* [Your objective] A single figure is the whole answer: the number of lines in the entries that contain "split".

* [Records for this exercise]
Lemma derivable_pt_lim_div_2T T E : 0 < T ->
  derivable_pt_lim (fun E => E / (2 * T)) E (/ (2 * T)).
Proof. intros HT; apply is_derive_Reals; auto_derive; [auto|ring]. Qed.

Lemma derivable_pt_lim_div_2T_T T E : 0 < T ->
  derivable_pt_lim (fun t => E / (2 * t)) T (- (E / (2 * T ^ 2))).
Proof. intros HT; apply is_derive_Reals; auto_derive; [lra|field; lra]. Qed.

Definition tanh_ratio T E := tanh (E / (2 * T)) / E.

Definition tanh_ratio' T E :=
  (E / (2 * T) / cosh (E / (2 * T)) ^ 2 - tanh (E / (2 * T))) / E ^ 2.

Lemma derivable_pt_lim_tanh_ratio T E : 0 < T -> E <> 0 ->
  derivable_pt_lim (tanh_ratio T) E (tanh_ratio' T E).
Proof.
  intros HT HE; pose proof (cosh_pos (E / (2 * T))).
  evar_last.
  - apply (derivable_pt_lim_div (fun E => tanh (E / (2 * T))) (fun E => E));
      [|apply derivable_pt_lim_id|exact HE].
    apply (derivable_pt_lim_comp (fun E => E / (2 * T)) tanh);
      [apply derivable_pt_lim_div_2T, HT|apply derivable_pt_lim_tanh].
  - unfold tanh_ratio', Rsqr; field; repeat split; lra.
Qed.

Lemma tanh_ratio'_neg T E : 0 < T -> 0 < E -> tanh_ratio' T E < 0.
Proof.
  intros HT HE.
  pose proof (div_cosh2_lt_tanh (E / (2 * T)) ltac:(apply Rdiv_lt_0_compat; lra)).
  apply Rdiv_neg_pos; [lra|nra].
Qed.

Lemma tanh_ratio_decreasing T E E' : 0 < T -> 0 < E < E' ->
  tanh_ratio T E' < tanh_ratio T E.
Proof.
  intros HT HE.
  destruct (MVT_cor2 (tanh_ratio T) (tanh_ratio' T) E E') as [c [Hc Hlt]];
    [lra|intros; apply derivable_pt_lim_tanh_ratio; lra|].
  pose proof (tanh_ratio'_neg T c HT ltac:(lra)); nra.
Qed.

(** * The two terms of [fgap] *)

Definition energy D xi := sqrt (xi ^ 2 + D ^ 2).

Lemma energy_sq D xi : energy D xi ^ 2 = xi ^ 2 + D ^ 2.
Proof. apply pow2_sqrt; pose proof (pow2_ge_0 xi); pose proof (pow2_ge_0 D); lra. Qed.

Lemma energy_ge D xi : 0 <= D -> D <= energy D xi.
Proof.
  intros HD; rewrite <- (sqrt_pow2 D HD) at 1; apply sqrt_le_1_alt.
  pose proof (pow2_ge_0 xi); lra.
Qed.

Lemma energy_pos D xi : 0 < D -> 0 < energy D xi.
Proof. intros HD; pose proof (energy_ge D xi (Rlt_le _ _ HD)); lra. Qed.

Lemma energy_le D xi xi' : 0 <= xi <= xi' -> energy D xi <= energy D xi'.
Proof. intros; apply sqrt_le_1_alt; pose proof (pow2_ge_0 D); nra. Qed.

Lemma energy_lt D xi xi' : 0 <= xi < xi' -> energy D xi < energy D xi'.
Proof.
  intros; pose proof (pow2_ge_0 xi); pose proof (pow2_ge_0 D).
  apply sqrt_lt_1_alt; split; nra.
Qed.

Lemma derivable_pt_lim_energy_xi D xi : 0 < D ->
  derivable_pt_lim (energy D) xi (xi / energy D xi).
Proof.
  intros HD; pose proof (energy_pos D xi HD); unfold energy in *.
  apply is_derive_Reals; auto_derive; [nra|].
  replace (xi * (xi * 1) + D * (D * 1)) with (xi ^ 2 + D ^ 2) by ring; field; lra.
Qed.

Lemma derivable_pt_lim_energy_D D xi : 0 < D ->
  derivable_pt_lim (fun d => energy d xi) D (D / energy D xi).
Proof.
  intros HD; pose proof (energy_pos D xi HD); unfold energy in *.
  apply is_derive_Reals; auto_derive; [nra|].
  replace (xi * (xi * 1) + D * (D * 1)) with (xi ^ 2 + D ^ 2) by ring; field; lra.
Qed.

Definition lncosh_term T E := 2 * T * lncosh (E / (2 * T)).

Lemma derivable_pt_lim_lncosh_term_E T E : 0 < T ->
  derivable_pt_lim (lncosh_term T) E (tanh (E / (2 * T))).
Proof.
  intros HT; evar_last.
  - apply (derivable_pt_lim_scal (fun E => lncosh (E / (2 * T)))).
    apply (derivable_pt_lim_comp (fun E => E / (2 * T)) lncosh);
      [apply derivable_pt_lim_div_2T, HT|apply derivable_pt_lim_lncosh].
  - field; lra.
Qed.

Lemma derivable_pt_lim_lncosh_term_T T E : 0 < T ->
  derivable_pt_lim (fun t => lncosh_term t E) T (2 * lncosh_intercept (E / (2 * T))).
Proof.
  intros HT; evar_last.
  - apply (derivable_pt_lim_mult (fun t => 2 * t) (fun t => lncosh (E / (2 * t))));
      [apply derivable_pt_lim_scal, derivable_pt_lim_id|].
    apply (derivable_pt_lim_comp (fun t => E / (2 * t)) lncosh);
      [apply derivable_pt_lim_div_2T_T, HT|apply derivable_pt_lim_lncosh].
  - unfold lncosh_intercept; field; lra.
Qed.

Definition kernel D T xi := tanh_ratio T (energy D xi).

Lemma integrand_kernel D T : 0 < D -> integrand D T = kernel D T.
Proof.
  intros HD; apply functional_extensionality; intros xi.
  unfold integrand, kernel, tanh_ratio.
  pose proof (energy_pos D xi HD) as HE; unfold energy in HE.
  destruct Req_EM_T; [lra|reflexivity].
Qed.

Lemma kernel_pos D T xi : 0 < D -> 0 < T -> 0 < kernel D T xi.
Proof.
  intros HD HT; pose proof (energy_pos D xi HD) as HE.
  apply Rdiv_lt_0_compat, HE; apply tanh_pos, Rdiv_lt_0_compat; lra.
Qed.

Lemma kernel_continuous D T xi : 0 < D -> 0 < T -> continuous (kernel D T) xi.
Proof.
  intros HD HT; apply (@ex_derive_continuous R_AbsRing R_NormedModule).
  eexists; apply is_derive_Reals.
  apply (derivable_pt_lim_comp (energy D) (tanh_ratio T));
    [apply derivable_pt_lim_energy_xi, HD|].
  apply derivable_pt_lim_tanh_ratio; [exact HT|apply Rgt_not_eq, energy_pos, HD].
Qed.

Lemma ex_RInt_kernel D T a b : 0 < D -> 0 < T -> ex_RInt (kernel D T) a b.
Proof.
  intros; apply (@ex_RInt_continuous R_CompleteNormedModule).
  intros; apply kernel_continuous; auto.
Qed.

Definition kernel_dD D T xi := tanh_ratio' T (energy D xi) * (D / energy D xi).

Definition kernel_dT D T xi := - / (2 * T ^ 2 * cosh (energy D xi / (2 * T)) ^ 2).

Lemma derivable_pt_lim_kernel_D D T xi : 0 < D -> 0 < T ->
  derivable_pt_lim (fun d => kernel d T xi) D (kernel_dD D T xi).
Proof.
  intros HD HT; apply (derivable_pt_lim_comp (fun d => energy d xi) (tanh_ratio T));
    [apply derivable_pt_lim_energy_D, HD|].
  apply derivable_pt_lim_tanh_ratio; [exact HT|apply Rgt_not_eq, energy_pos, HD].
Qed.

Lemma derivable_pt_lim_kernel_T D T xi : 0 < D -> 0 < T ->
  derivable_pt_lim (fun t => kernel D t xi) T (kernel_dT D T xi).
Proof.
  intros HD HT; pose proof (energy_pos D xi HD).
  pose proof (cosh_pos (energy D xi / (2 * T))).
  evar_last.
  - apply (derivable_pt_lim_div (fun t => tanh (energy D xi / (2 * t)))
             (fun _ => energy D xi));
      [|apply derivable_pt_lim_const|lra].
    apply (derivable_pt_lim_comp (fun t => energy D xi / (2 * t)) tanh);
      [apply derivable_pt_lim_div_2T_T, HT|apply derivable_pt_lim_tanh].
  - unfold kernel_dT, Rsqr; field; repeat split; lra.
Qed.

Lemma kernel_dD_neg D T xi : 0 < D -> 0 < T -> kernel_dD D T xi < 0.
Proof.
  intros HD HT; pose proof (energy_pos D xi HD) as HE.
  pose proof (tanh_ratio'_neg T _ HT HE).
  assert (0 < D / energy D xi) by (apply Rdiv_lt_0_compat; lra).
  unfold kernel_dD; nra.
Qed.

Lemma mul_cosh2_pos T y : 0 < T -> 0 < 2 * T ^ 2 * cosh y ^ 2.
Proof.
  intros HT; pose proof (cosh_pos y).
  apply Rmult_lt_0_compat; [apply Rmult_lt_0_compat; [lra|]|]; apply pow_lt; lra.
Qed.

Lemma kernel_dT_neg D T xi : 0 < T -> kernel_dT D T xi < 0.
Proof.
  intros HT; apply Ropp_lt_gt_0_contravar, Rinv_0_lt_compat, mul_cosh2_pos, HT.
Qed.

Lemma continuity_2d_pt_energy D xi : 0 < D -> continuity_2d_pt energy D xi.
Proof.
  intros HD; unfold energy.
  apply (continuity_1d_2d_pt_comp sqrt (fun d x => x ^ 2 + d ^ 2));
    [apply continuity_pt_sqrt; pose proof (pow2_ge_0 xi); pose proof (pow2_ge_0 D); lra|].
  apply (continuity_2d_pt_plus (fun _ x => x ^ 2) (fun d _ => d ^ 2));
    [apply continuity_2d_pt_snd|apply continuity_2d_pt_fst];
    apply ex_derive_continuity_pt; auto_derive; auto.
Qed.

Lemma continuity_2d_pt_kernel_dD D T xi : 0 < D -> 0 < T ->
  continuity_2d_pt (fun d x => kernel_dD d T x) D xi.
Proof.
  intros HD HT; pose proof (energy_pos D xi HD); unfold kernel_dD.
  apply (continuity_2d_pt_mult (fun d x => tanh_ratio' T (energy d x))
           (fun d x => d / energy d x)).
  - apply (continuity_1d_2d_pt_comp (tanh_ratio' T) energy);
      [|apply continuity_2d_pt_energy, HD].
    apply ex_derive_continuity_pt; unfold tanh_ratio', tanh, sinh, cosh; auto_derive.
    set (y := energy D xi * / (2 * T)).
    assert (0 < (exp y + exp (- y)) * / 2)
      by (pose proof (exp_pos y); pose proof (exp_pos (- y)); lra).
    repeat split; apply Rgt_not_eq; nra.
  - apply (continuity_2d_pt_mult (fun d _ => d) (fun d x => / energy d x));
      [apply continuity_2d_pt_id1|].
    apply continuity_2d_pt_inv; [apply continuity_2d_pt_energy, HD|lra].
Qed.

* [Answer box] 4